▶ Work to be completed:
Copy word for word, please, the lines of the entries below running from the one containing "Definition init (G" to the one containing "(* P(T > k), T = number", both ends included.

[Collected data entries]
(* In the setting below, for any set $\mathcal{F}$ of fixed possible edges and any input graph $G\in\mathcal{G}$, the random vertex sequence $W=W_0W_1\cdots W_n$ generated by one iteration of the Unweighted Graph Sampler (run until the first $n\ge 1$ with $W_n=W_0$) has finite expected length.
   Context: Setting (unweighted graphs). $V$ is a finite vertex set; graphs are either all directed or all undirected and have no multiple edges; $uv$ denotes the (possible) edge from $u$ to $v$ (for undirected graphs $uv=vu$). $G_0$ is a given graph on $V$ and $\mathcal{F}$ is a given subset of the possible edges on $V$. $\mathcal{G}$ is the set of all graphs $G$ on $V$ having the same degree sequence as $G_0$ (for directed graphs: the same in-degree and the same out-degree at every vertex) and satisfying $E(G)\cap\mathcal{F}=E(G_0)\cap\mathcal{F}$. The set of known edges is $\tilde{\mathcal{F}}=\{uv : uv\in E(G)\text{ for all }G\in\mathcal{G}, \text{ or } uv\notin E(G)\text{ for all }G\in\mathcal{G}\}$ (so $\mathcal{F}\subseteq\tilde{\mathcal{F}}$). For a graph $G$ and vertex $u$ define $N_G(u)=\{v\in V: vu\in E(G),\ vu\notin\tilde{\mathcal{F}}\}$ and $M_G(u)=\{v\in V: uv\notin E(G),\ uv\notin\tilde{\mathcal{F}}\}$. Unweighted Graph Sampler (one iteration, input $G\in\mathcal{G}$): set $W_{-1}=*$ (a dummy symbol), sample $W_0$ uniformly from $\{v\in V: N_G(v)\neq\emptyset\}$, set $n=0$; then repeat: sample $W_{n+1}$ uniformly from $N_G(W_n)\setminus\{W_{n-1}\}$; sample $W_{n+2}$ uniformly from $M_G(W_{n+1})$ (computed in the current graph $G$); delete the edge $W_{n+1}W_n$ from $E(G)$ and add the edge $W_{n+1}W_{n+2}$ to $E(G)$; set $n\leftarrow n+2$; until $W_n=W_0$. Output the current $G$. (Here $G$ always denotes the current, progressively modified, graph.) *)

From HB Require Import structures.
From mathcomp Require Import all_boot all_order all_algebra.
Set Implicit Arguments. Unset Strict Implicit. Unset Printing Implicit Defensive.
Import Order.TTheory GRing.Theory Num.Theory.
Local Open Scope ring_scope.

(* A graph on V is a set of ordered pairs (u,v) = the edge "uv".
   d = true : directed graphs; d = false : undirected graphs, represented
   as symmetric sets (uv = vu). Graphs are loopless. *)

Section Sampler.
Variable d : bool.
Variable V : finType.
Local Notation graph := {set V * V}.

Definition wf_graph (G : graph) : bool :=
  [forall u, (u, u) \notin G] &&
  (d || [forall u, forall v, ((u, v) \in G) ==> ((v, u) \in G)]).

Definition edge_in (F : graph) (u v : V) : bool :=
  if d then (u, v) \in F else ((u, v) \in F) || ((v, u) \in F).

Definition outdeg (G : graph) (u : V) : nat := #|[set v | (u, v) \in G]|.
Definition indeg (G : graph) (u : V) : nat := #|[set v | (v, u) \in G]|.

Variables (G0 F : graph).

Definition in_calG (G : graph) : bool :=
  [&& wf_graph G,
      [forall u, (outdeg G u == outdeg G0 u) && (indeg G u == indeg G0 u)] &
      [forall u, forall v, ((u != v) && edge_in F u v) ==>
                            (((u, v) \in G) == ((u, v) \in G0))]].

Definition known (u v : V) : bool :=
  [forall H : graph, in_calG H ==> ((u, v) \in H)] ||
  [forall H : graph, in_calG H ==> ((u, v) \notin H)].

Definition NG (G : graph) (u : V) : {set V} :=
  [set v | ((v, u) \in G) && ~~ known v u].
Definition MG (G : graph) (u : V) : {set V} :=
  [set v | ((u, v) \notin G) && ~~ known u v].

Definition del_edge (G : graph) (u v : V) : graph :=
  if d then G :\ (u, v) else G :\ (u, v) :\ (v, u).
Definition add_edge (G : graph) (u v : V) : graph :=
  if d then (u, v) |: G else (u, v) |: ((v, u) |: G).

(* state of the running sampler: (current graph, W_{n-1} (None = the dummy symbol), W_n, W_0) *)
Definition state : finType := (graph * option V * V * V)%type.

(* Sub-stochastic transition kernel of one round (W_n -> W_{n+2}) restricted
   to the outcomes where the sampler has NOT stopped (W_{n+2} <> W_0).
   If a sampling set is empty the sampler is stuck: it never terminates
   (modelled as staying in the current state forever). *)
Definition Krun (s s' : state) : rat :=
  let: (G, p, c, w0) := s in
  let A := [set w in NG G c | Some w != p] in
  if A == set0 then (s' == s)%:R else
  \sum_(w in A) #|A|%:R^-1 *
     (let B := MG G w in
      if B == set0 then (s' == s)%:R else
      \sum_(x in B | x != w0) #|B|%:R^-1 *
          (s' == (add_edge (del_edge G w c) w x, Some w, x, w0))%:R).

Definition init (G : graph) (s : state) : rat :=
  let: (H, p, c, w0) := s in
  let I := [set v | NG G v != set0] in
  if [&& H == G, p == None, c == w0 & c \in I] then #|I|%:R^-1 else 0.

Fixpoint dist (G : graph) (k : nat) : state -> rat :=
  match k with
  | 0 => init G
  | k'.+1 => fun s' => \sum_(s : state) dist G k' s * Krun s s'
  end.

(* P(T > k), T = number of rounds (the length of W is n = 2T) *)
Definition tail_prob (G : graph) (k : nat) : rat := \sum_(s : state) dist G k s.

End Sampler.

(* The sampler is a sub-stochastic Markov chain on the finite set of states
   (current graph, W_{n-1}, W_n, W_0); one step is one round, and mass is lost
   exactly when the round closes the walk.  Along the walk the current graph
   keeps the degrees of G0 up to a surplus in-edge at W_n and a missing one at
   W_0.  Fix any H in calG: W_n has an in-edge wW_n of the current graph that
   is not in H, and then w has an out-edge wx of H that is missing from the
   current graph; both are unknown edges, so the round choosing (w, x) has
   positive probability and strictly shrinks the symmetric difference with H.
   Hence from every reachable state the walk closes with positive probability
   within finitely many rounds; by finiteness of the state space some M rounds
   are survived with probability at most q < 1 from every reachable state, so
   P(T > k) decays geometrically and E[T] = sum_k P(T > k) is finite. *)

From HB Require Import structures.
From mathcomp Require Import all_boot all_order all_algebra.
From Stdlib Require Import Classical.
From mathcomp Require Import ring zify.
Set Implicit Arguments. Unset Strict Implicit. Unset Printing Implicit Defensive.
Import Order.TTheory GRing.Theory Num.Theory.
Local Open Scope ring_scope.

Section Degrees.
Variable V : finType.
Implicit Types (G : {set V * V}) (a b u : V).

Lemma indegD1 G a b u :
  (a, b) \in G -> indeg G u = (indeg (G :\ (a, b)) u + (b == u))%N.
Proof.
move=> Gab; rewrite /indeg; case: (eqVneq b u) => [<-|ne].
  rewrite (cardsD1 a [set v | (v, b) \in G]) inE Gab addnC; congr (_ + _)%N.
  by apply: eq_card => v; rewrite !inE xpair_eqE eqxx andbT.
rewrite addn0; apply: eq_card => v; rewrite !inE xpair_eqE.
by rewrite [u == b]eq_sym (negbTE ne) andbF.
Qed.

Lemma outdegD1 G a b u :
  (a, b) \in G -> outdeg G u = (outdeg (G :\ (a, b)) u + (a == u))%N.
Proof.
move=> Gab; rewrite /outdeg; case: (eqVneq a u) => [<-|ne].
  rewrite (cardsD1 b [set v | (a, v) \in G]) inE Gab addnC; congr (_ + _)%N.
  by apply: eq_card => v; rewrite !inE xpair_eqE eqxx.
rewrite addn0; apply: eq_card => v; rewrite !inE xpair_eqE.
by rewrite [u == a]eq_sym (negbTE ne).
Qed.

Lemma indegU1 G a b u :
  (a, b) \notin G -> indeg ((a, b) |: G) u = (indeg G u + (b == u))%N.
Proof. by move=> nGab; rewrite (@indegD1 _ a b) ?setU11 // setU1K. Qed.

Lemma outdegU1 G a b u :
  (a, b) \notin G -> outdeg ((a, b) |: G) u = (outdeg G u + (a == u))%N.
Proof. by move=> nGab; rewrite (@outdegD1 _ a b) ?setU11 // setU1K. Qed.

End Degrees.

Lemma sum_indicator (R : pzSemiRingType) (T : finType) (a : T) :
  \sum_t ((t == a)%:R : R) = 1.
Proof. by rewrite (bigD1 a) //= eqxx big1 ?addr0 // => t /negbTE ->. Qed.

Lemma sumr_neq0_exists (R : nmodType) (I : finType) (P : pred I) (f : I -> R) :
  \sum_(i | P i) f i != 0 -> exists i, P i && (f i != 0).
Proof.
move=> nz; case: (pickP [pred i | P i && (f i != 0)]) => [i Pfi|none]; first by exists i.
move: nz; rewrite big1 ?eqxx // => i Pi.
by apply/eqP; move: (none i); rewrite /= Pi => /negbFE.
Qed.

Lemma sum_inv_card {R : numFieldType} (T : finType) (B : {set T}) :
  B != set0 -> \sum_(x in B) (#|B|%:R^-1 : R) = 1.
Proof.
by move=> nB; rewrite sumr_const -[X in X = _]mulr_natr mulVf // pnatr_eq0 -lt0n card_gt0.
Qed.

▶ Written response:
Definition init (G : graph) (s : state) : rat :=
  let: (H, p, c, w0) := s in
  let I := [set v | NG G v != set0] in
  if [&& H == G, p == None, c == w0 & c \in I] then #|I|%:R^-1 else 0.

Fixpoint dist (G : graph) (k : nat) : state -> rat :=
  match k with
  | 0 => init G
  | k'.+1 => fun s' => \sum_(s : state) dist G k' s * Krun s s'
  end.

(* P(T > k), T = number of rounds (the length of W is n = 2T) *)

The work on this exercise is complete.